Your assignment :: Lines of the material that include the string "scalerA" should be returned.

Task inputs ::
——————
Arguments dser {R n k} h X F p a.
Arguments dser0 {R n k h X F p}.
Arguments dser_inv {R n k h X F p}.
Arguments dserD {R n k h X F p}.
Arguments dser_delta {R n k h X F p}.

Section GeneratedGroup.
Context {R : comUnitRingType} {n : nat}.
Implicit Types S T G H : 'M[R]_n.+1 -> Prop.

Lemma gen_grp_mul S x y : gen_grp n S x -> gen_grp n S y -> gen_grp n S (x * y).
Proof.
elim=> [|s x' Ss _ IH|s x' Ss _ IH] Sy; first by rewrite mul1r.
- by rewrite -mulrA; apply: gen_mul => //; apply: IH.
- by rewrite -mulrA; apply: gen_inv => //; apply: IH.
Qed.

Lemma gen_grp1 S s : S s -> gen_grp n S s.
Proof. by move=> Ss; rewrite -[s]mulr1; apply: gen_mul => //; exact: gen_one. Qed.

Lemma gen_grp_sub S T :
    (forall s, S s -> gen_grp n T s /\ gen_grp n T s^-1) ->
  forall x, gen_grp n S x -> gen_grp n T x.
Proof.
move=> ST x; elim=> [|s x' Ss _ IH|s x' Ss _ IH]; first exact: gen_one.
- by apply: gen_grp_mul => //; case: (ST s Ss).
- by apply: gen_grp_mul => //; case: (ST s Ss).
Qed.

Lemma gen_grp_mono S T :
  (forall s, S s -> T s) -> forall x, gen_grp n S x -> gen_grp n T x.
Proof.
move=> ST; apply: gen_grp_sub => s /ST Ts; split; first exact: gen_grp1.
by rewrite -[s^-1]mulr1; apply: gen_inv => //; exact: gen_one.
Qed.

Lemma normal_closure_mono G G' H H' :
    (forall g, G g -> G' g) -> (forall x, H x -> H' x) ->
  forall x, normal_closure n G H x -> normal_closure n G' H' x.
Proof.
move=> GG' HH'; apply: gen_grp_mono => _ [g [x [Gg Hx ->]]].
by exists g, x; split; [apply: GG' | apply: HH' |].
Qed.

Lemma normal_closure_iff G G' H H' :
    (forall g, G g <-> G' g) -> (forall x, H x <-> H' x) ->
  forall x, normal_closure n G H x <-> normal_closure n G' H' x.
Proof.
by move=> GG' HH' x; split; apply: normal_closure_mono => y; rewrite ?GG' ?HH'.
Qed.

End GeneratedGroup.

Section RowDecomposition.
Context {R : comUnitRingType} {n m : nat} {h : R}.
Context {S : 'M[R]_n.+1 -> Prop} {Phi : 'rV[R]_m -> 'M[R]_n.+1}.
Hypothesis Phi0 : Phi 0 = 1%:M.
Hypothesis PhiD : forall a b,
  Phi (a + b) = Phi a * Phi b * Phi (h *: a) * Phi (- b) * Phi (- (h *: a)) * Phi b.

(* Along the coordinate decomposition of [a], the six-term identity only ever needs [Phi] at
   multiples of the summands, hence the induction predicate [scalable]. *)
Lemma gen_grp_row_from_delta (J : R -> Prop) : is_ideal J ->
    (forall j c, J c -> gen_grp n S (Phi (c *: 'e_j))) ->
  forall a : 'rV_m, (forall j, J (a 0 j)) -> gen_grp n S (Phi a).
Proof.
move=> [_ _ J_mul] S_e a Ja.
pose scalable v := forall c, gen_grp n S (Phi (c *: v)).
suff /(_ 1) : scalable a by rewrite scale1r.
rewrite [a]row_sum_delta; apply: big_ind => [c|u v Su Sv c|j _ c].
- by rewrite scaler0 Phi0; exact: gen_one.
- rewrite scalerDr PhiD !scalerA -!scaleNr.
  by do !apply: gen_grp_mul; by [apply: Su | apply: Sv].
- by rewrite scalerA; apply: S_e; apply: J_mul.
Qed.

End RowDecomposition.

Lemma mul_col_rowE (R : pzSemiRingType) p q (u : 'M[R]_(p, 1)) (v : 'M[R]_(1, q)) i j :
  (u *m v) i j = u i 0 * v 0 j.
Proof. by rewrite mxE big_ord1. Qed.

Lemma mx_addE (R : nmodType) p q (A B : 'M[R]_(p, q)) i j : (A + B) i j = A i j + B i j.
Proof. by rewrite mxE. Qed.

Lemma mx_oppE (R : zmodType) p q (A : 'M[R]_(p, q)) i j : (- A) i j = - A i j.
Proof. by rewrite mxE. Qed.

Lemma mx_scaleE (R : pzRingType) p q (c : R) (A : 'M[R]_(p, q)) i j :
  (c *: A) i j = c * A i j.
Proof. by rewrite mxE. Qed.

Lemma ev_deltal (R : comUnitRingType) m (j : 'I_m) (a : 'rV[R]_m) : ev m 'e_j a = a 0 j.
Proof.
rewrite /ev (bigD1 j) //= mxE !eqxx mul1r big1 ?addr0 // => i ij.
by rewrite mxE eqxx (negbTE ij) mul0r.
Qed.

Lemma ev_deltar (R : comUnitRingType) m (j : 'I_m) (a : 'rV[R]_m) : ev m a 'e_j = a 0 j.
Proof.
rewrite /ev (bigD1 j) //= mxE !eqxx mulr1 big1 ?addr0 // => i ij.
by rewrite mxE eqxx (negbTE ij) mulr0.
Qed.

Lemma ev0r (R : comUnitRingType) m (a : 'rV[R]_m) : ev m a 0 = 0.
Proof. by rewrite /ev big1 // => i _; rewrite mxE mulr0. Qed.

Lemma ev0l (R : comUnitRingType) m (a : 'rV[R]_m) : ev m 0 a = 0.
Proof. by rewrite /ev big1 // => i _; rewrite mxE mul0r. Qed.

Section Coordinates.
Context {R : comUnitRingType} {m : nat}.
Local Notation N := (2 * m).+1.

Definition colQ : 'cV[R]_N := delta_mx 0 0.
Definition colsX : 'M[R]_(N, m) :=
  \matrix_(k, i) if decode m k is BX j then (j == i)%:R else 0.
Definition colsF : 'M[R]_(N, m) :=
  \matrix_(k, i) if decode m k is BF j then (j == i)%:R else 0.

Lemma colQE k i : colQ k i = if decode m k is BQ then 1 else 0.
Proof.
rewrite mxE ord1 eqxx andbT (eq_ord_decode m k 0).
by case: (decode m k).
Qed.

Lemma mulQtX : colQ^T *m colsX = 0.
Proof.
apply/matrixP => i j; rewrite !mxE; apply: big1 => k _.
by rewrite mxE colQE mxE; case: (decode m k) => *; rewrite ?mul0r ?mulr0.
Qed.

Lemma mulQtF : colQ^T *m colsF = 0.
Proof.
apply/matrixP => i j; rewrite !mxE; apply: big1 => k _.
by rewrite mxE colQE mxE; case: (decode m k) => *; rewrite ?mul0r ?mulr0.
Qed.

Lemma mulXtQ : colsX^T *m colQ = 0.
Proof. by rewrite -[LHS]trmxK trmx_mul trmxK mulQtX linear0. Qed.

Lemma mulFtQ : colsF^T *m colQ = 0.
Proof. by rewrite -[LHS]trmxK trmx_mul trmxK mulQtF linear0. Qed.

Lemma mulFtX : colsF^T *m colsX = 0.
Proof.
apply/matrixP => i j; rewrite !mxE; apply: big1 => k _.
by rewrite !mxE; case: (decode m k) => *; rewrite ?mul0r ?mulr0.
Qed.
——————
Your solution ::
- rewrite scalerDr PhiD !scalerA -!scaleNr.
- by rewrite scalerA; apply: S_e; apply: J_mul.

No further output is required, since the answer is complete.